問題の所在+ソリューション[各連載回に共通]

Problem Statement (問題の所在)「将来は、グローバルな力も高めたい…でも、英文契約書は怖い」「法律英語が上達しない」「欧米弁護士の思考で英語の法律文書が書けない」― 法律英語のライティングの悩みは日本の法律家に共通します。私も、です。

ソリューション 2022年、Airbnb法務部の研修で、魔法のような体験がありました。名著『Legal Writing in Plain Englishガーナー教授から直接学ぶ機会があったのです。「できなかった」理由がすっと理解できました。そこで、毎週1記事、名著を「分析」し、一緒に(同期やライバル達よりも)法律英語に少しだけ強くなっていきませんか? ― 精読して蓄えていきましょう。

想定する読者 法律家・法務部門・司法修習生/ロースクール学生の皆様

読了により、得られる情報

ガーナー教授の教科書は、私たちに「すべての法律文書に共通する」20のルール(連載第1回〜第21回参照)と、「あなたの英語を、分析的・説得的に働かせる技術」(連載第22回〜第31回参照)の10のルールを教えてくれます。

いよいよ、第3章「法的ドラフティングの原則(PRINCIPLES MAINLY FOR LEGAL DRAFTING)」に入りました。この章を一緒に読んでいくことで、読者の皆さまはリーガルライティング(英文契約書のドラフトを含む)の基本原則や実務に役立つ技術を学ぶことができます。ガーナー教授の教科書を精読することで、法律英語の力をさらに一段階高め、より高度なレベルに引き上げていきましょう。

§35. Replace every shall.

講義ノート

ガーナー教授は、法的文書(legal documents)での「shall」について、多くのページ数を使って、熱く「Shallはダメ」と述べています。

教授によれば、「Shall」は曖昧で誤解を招くことが理由です。「shall」は義務を示すべきですが、「may」「will」「is」など他の意味にも使われ、法的に曖昧であり、教授の分析によれば、裁判所でも解釈が分かれる例が多いようです。
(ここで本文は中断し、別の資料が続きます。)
Lemma dv_vanishes_iff (W : R -> R -> Prop) (G : (R -> R -> R) * (R -> R -> R))
    (f1 f2 : R -> R -> R) (k1 k2 : R) :
  (forall u v, W u v ->
     (is_derive (fun y => fst G u y) v 0 /\ is_derive (fun y => snd G u y) v 0
      <-> f1 u v = k1 /\ f2 u v = k2)) ->
  (dv_vanishes W G <-> const_on W f1 k1 /\ const_on W f2 k2).
Proof. apply vanishes_on_iff. Qed.

Ltac lax_entries_eq0 :=
  cbn [m1 m2 m3 m4 U1 V1 U2 V2 U2' V2'];
  rewrite ?exp_mul_eq0_iff, ?neg_exp_mul_eq0_iff, ?half_exp_mul_eq0_iff, ?neg_half_exp_mul_eq0_iff;
  intuition lra.

Section GaussMaps.
Variables (M W : R -> R -> Prop) (w H Q Rr : R -> R -> R).

Lemma GpPhi_stationary_iff (Phi1 Phi2 : R -> R -> mat2) :
  solves_L1 M w H Q Rr Phi1 Phi2 ->
  admissible M W (fun u v => m3 (Phi1 u v)) (fun u v => m3 (Phi2 u v)) ->
  (du_vanishes W (GpPhi Phi1 Phi2) <-> const_on W H 1 /\ const_on W Q 0) /\
  (dv_vanishes W (GpPhi Phi1 Phi2) <-> const_on W H 1 /\ const_on W Rr 0).
Proof.
  intros [d1 [d2 [lu1 [lv1 [lu2 lv2]]]]] [_ [WM Wnz]].
  split; [apply du_vanishes_iff | apply dv_vanishes_iff]; intros u v Wuv;
    destruct (Wnz u v Wuv) as [z1 z2]; pose proof (WM u v Wuv) as Muv; cbn [GpPhi fst snd].
  - rewrite (is_derive_ratio13_eq0_iff _ _ _ (lax_u_frame_derive _ _ _ u v lu1 Muv) (d1 u v Muv) z1),
      (is_derive_ratio13_eq0_iff _ _ _ (lax_u_frame_derive _ _ _ u v lu2 Muv) (d2 u v Muv) z2).
    lax_entries_eq0.
  - rewrite (is_derive_ratio13_eq0_iff _ _ _ (lax_v_frame_derive _ _ _ u v lv1 Muv) (d1 u v Muv) z1),
      (is_derive_ratio13_eq0_iff _ _ _ (lax_v_frame_derive _ _ _ u v lv2 Muv) (d2 u v Muv) z2).
    lax_entries_eq0.
Qed.

Lemma GmPhi_stationary_iff (Phi1 Phi2 : R -> R -> mat2) :
  solves_L1 M w H Q Rr Phi1 Phi2 ->
  admissible M W (fun u v => m4 (Phi1 u v)) (fun u v => m4 (Phi2 u v)) ->
  (du_vanishes W (GmPhi Phi1 Phi2) <-> const_on W H (-1) /\ const_on W Q 0) /\
  (dv_vanishes W (GmPhi Phi1 Phi2) <-> const_on W H (-1) /\ const_on W Rr 0).
Proof.
  intros [d1 [d2 [lu1 [lv1 [lu2 lv2]]]]] [_ [WM Wnz]].
  split; [apply du_vanishes_iff | apply dv_vanishes_iff]; intros u v Wuv;
    destruct (Wnz u v Wuv) as [z1 z2]; pose proof (WM u v Wuv) as Muv; cbn [GmPhi fst snd].
  - rewrite (is_derive_ratio24_eq0_iff _ _ _ (lax_u_frame_derive _ _ _ u v lu1 Muv) (d1 u v Muv) z1),
      (is_derive_ratio24_eq0_iff _ _ _ (lax_u_frame_derive _ _ _ u v lu2 Muv) (d2 u v Muv) z2).
    lax_entries_eq0.
  - rewrite (is_derive_ratio24_eq0_iff _ _ _ (lax_v_frame_derive _ _ _ u v lv1 Muv) (d1 u v Muv) z1),
      (is_derive_ratio24_eq0_iff _ _ _ (lax_v_frame_derive _ _ _ u v lv2 Muv) (d2 u v Muv) z2).
    lax_entries_eq0.
Qed.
そこで、ガーナー教授は、代わりに「must」や「will」を使うべきと述べます(「must」は強制的な義務を示し、主に法的規則や非交渉型契約で使われ、「will」は約束や未来の行為を示し、交渉型契約で使用されます)。多くの法曹団体も「shall」を排除する動きを進めていることが取り上げられており、文書全体の可読性と正確性が向上させるため、「shall」を用いないことは大きな流れであるようです。

ガーナー教授の教科書(第3版)―敬意をもって強く推薦―

Garner, B. A. (2023). Legal Writing in Plain English, Third Edition: A Text with Exercises. Chicago: University of Chicago Press.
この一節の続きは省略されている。